Unet+CityScape underfitting(-ish)


I’m having a problem with my Unet implementation, it seems that the network is unable to overfit on the training data (the CE loss plateaus at ~3.1 and the per pixel accuracy at 40-50%).
When i view a training image after every epoch on the training data i can see that the model just pretty much does 50% sky 50% road, which i guess hits the local minima for the Cross Entropy loss.
The model trains to 40-50% per pixel acc at the end of epoch 1 and then seems to stay there.
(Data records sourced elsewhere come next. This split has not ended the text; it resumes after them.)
Inductive step : term -> term -> Prop :=
| step_beta : forall u v, step (App (Lam u) v) (subst_l 0 v u)
| step_mu   : forall u v, step (App (Mu u) v) (Mu (subst_m 0 (lift_m 0 v) u))
| step_lam  : forall u u', step u u' -> step (Lam u) (Lam u')
| step_appl : forall u u' v, step u u' -> step (App u v) (App u' v)
| step_appr : forall u v v', step v v' -> step (App u v) (App u v')
| step_mu_c : forall u u', step u u' -> step (Mu u) (Mu u')
| step_named: forall b u u', step u u' -> step (Named b u) (Named b u').

Definition red : term -> term -> Prop := clos_refl_trans term step.

Definition normal (t : term) : Prop := forall t', ~ step t t'.

Definition normalizable (t : term) : Prop :=
  exists t', red t t' /\ normal t'.

(* The simultaneous substitution sigma = [(x_i := y)_i ; (a_j :=* y)_j]
   on free variables: xs = free lambda-variables x_i, as_ = free
   mu-variables a_j, y = free lambda-variable.  d / e = number of enclosing
   lambda / mu binders. *)
Fixpoint sigma_aux (xs as_ : list nat) (y : nat) (d e : nat) (t : term) : term :=
  match t with
  | Var n => if (d <=? n) && existsb (Nat.eqb (n - d)) xs
             then Var (y + d) else Var n
  | Lam u => Lam (sigma_aux xs as_ y (S d) e u)
  | App u w => App (sigma_aux xs as_ y d e u) (sigma_aux xs as_ y d e w)
  | Mu u => Mu (sigma_aux xs as_ y d (S e) u)
  | Named b u =>
      if (e <=? b) && existsb (Nat.eqb (b - e)) as_
      then Named b (App (sigma_aux xs as_ y d e u) (Var (y + d)))
      else Named b (sigma_aux xs as_ y d e u)
  end.

Definition sigma (xs as_ : list nat) (y : nat) (t : term) : term :=
  sigma_aux xs as_ y 0 0 t.

(* The substitution sigma only renames lambda-variables and appends the argument
   y to the named subterms (a_j w).  We relate t to every term s obtained from t
   in this way, where moreover some of the administrative redexes (w y), with w
   an abstraction or a mu-abstraction, may already have been contracted.  This
   relation is closed under both substitutions of the calculus, and it is a
   backward simulation: each step of s is matched by at most one step of t
   (steps contracting an administrative redex are matched by none), and t is
   normal whenever s is.  Pulling a normalizing reduction of t sigma back along
   the simulation therefore normalizes t; for (t sigma y) the head argument y is
   one more administrative argument. *)
From Stdlib Require Import List Arith Lia Relations.
Local Open Scope bool_scope.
I am using Pytorch default Adam optimizer, i tried using SGD with lr=0.01/0.005/0.001 but the same problem persisted. The model uses 34 classes (CityScape Finely annotated 5000 images).

Here is my Unet implementation

import torch
import torch.nn as nn
import torch.nn.functional as F

class DoubleConv(nn.Module):

    def __init__(self, in_channels, out_channels):
        super(DoubleConv, self).__init__()
        self.down = nn.Sequential(
            nn.Conv2d(in_channels, out_channels, 3, padding=1),
            nn.Conv2d(out_channels, out_channels, 3, padding=1),

    def forward(self, x):
        x = self.down(x)
        return x

class DownScale(nn.Module):

    def __init__(self, in_channels, out_channels):
        super(DownScale, self).__init__()
        self.down_block = nn.Sequential(
            DoubleConv(in_channels, out_channels)

    def forward(self, x):
        x = self.down_block(x)
        return x

class UpScale(nn.Module):

    def __init__(self, in_channels, out_channels):
        super(UpScale, self).__init__()

        self.upsample = nn.ConvTranspose2d(in_channels, out_channels, 2, stride=2) 
        self.doubleconv = DoubleConv(in_channels, out_channels)
    def forward(self, x1, x2):

        x1 = self.upsample(x1, output_size=x2.shape)
        assert x1.shape == x2.shape, f"up size:{x1.shape}, previous:{x2.shape}"
        x = torch.cat([x2, x1], dim=1)
        x = self.doubleconv(x)
        return x

class Unet(nn.Module):

    def __init__(self, input_channels, num_classes):
        super(Unet, self).__init__()
        self.inconv = DoubleConv(input_channels, 64)
        self.down_block1 = DownScale(64, 128)
        self.down_block2 = DownScale(128, 256)
        self.down_block3 = DownScale(256, 512)
        self.down_block4 = DownScale(512, 1024)
        self.up_block1 = UpScale(1024, 512)
        self.up_block2 = UpScale(512, 256)
        self.up_block3 = UpScale(256, 128)
        self.up_block4 = UpScale(128, 64)
        self.outputmap = nn.Conv2d(64, num_classes, kernel_size=1)

    def forward(self, x):
        x1 = self.inconv(x)
        x2 = self.down_block1(x1)
        x3 = self.down_block2(x2)
        x4 = self.down_block3(x3)
        x5 = self.down_block4(x4)
        x = self.up_block1(x5, x4)
        x = self.up_block2(x, x3)
        x = self.up_block3(x, x2)
        x = self.up_block4(x, x1)
        x = self.outputmap(x)
        y = nn.Softmax(dim=1)(x)
        return y

Here is an image of the model after the 2nd epoch (it stays pretty much like this even after 3-4 epochs):

However for a different semantic segmentation dataset, the model seemed to learn:

What i have tried:

  • Cross entropy with weights per class (0.1-0.5 for sky/road/building class (the most frequent ones), 1.0 for others), but that didn’t really work.

To me this seems to be a loss function problem which doesn’t get out of the local minima, but i thought that cross entropy should sort of work. I haven’t tried dice loss or any other losses, if you could point out any tips it would be wonderful.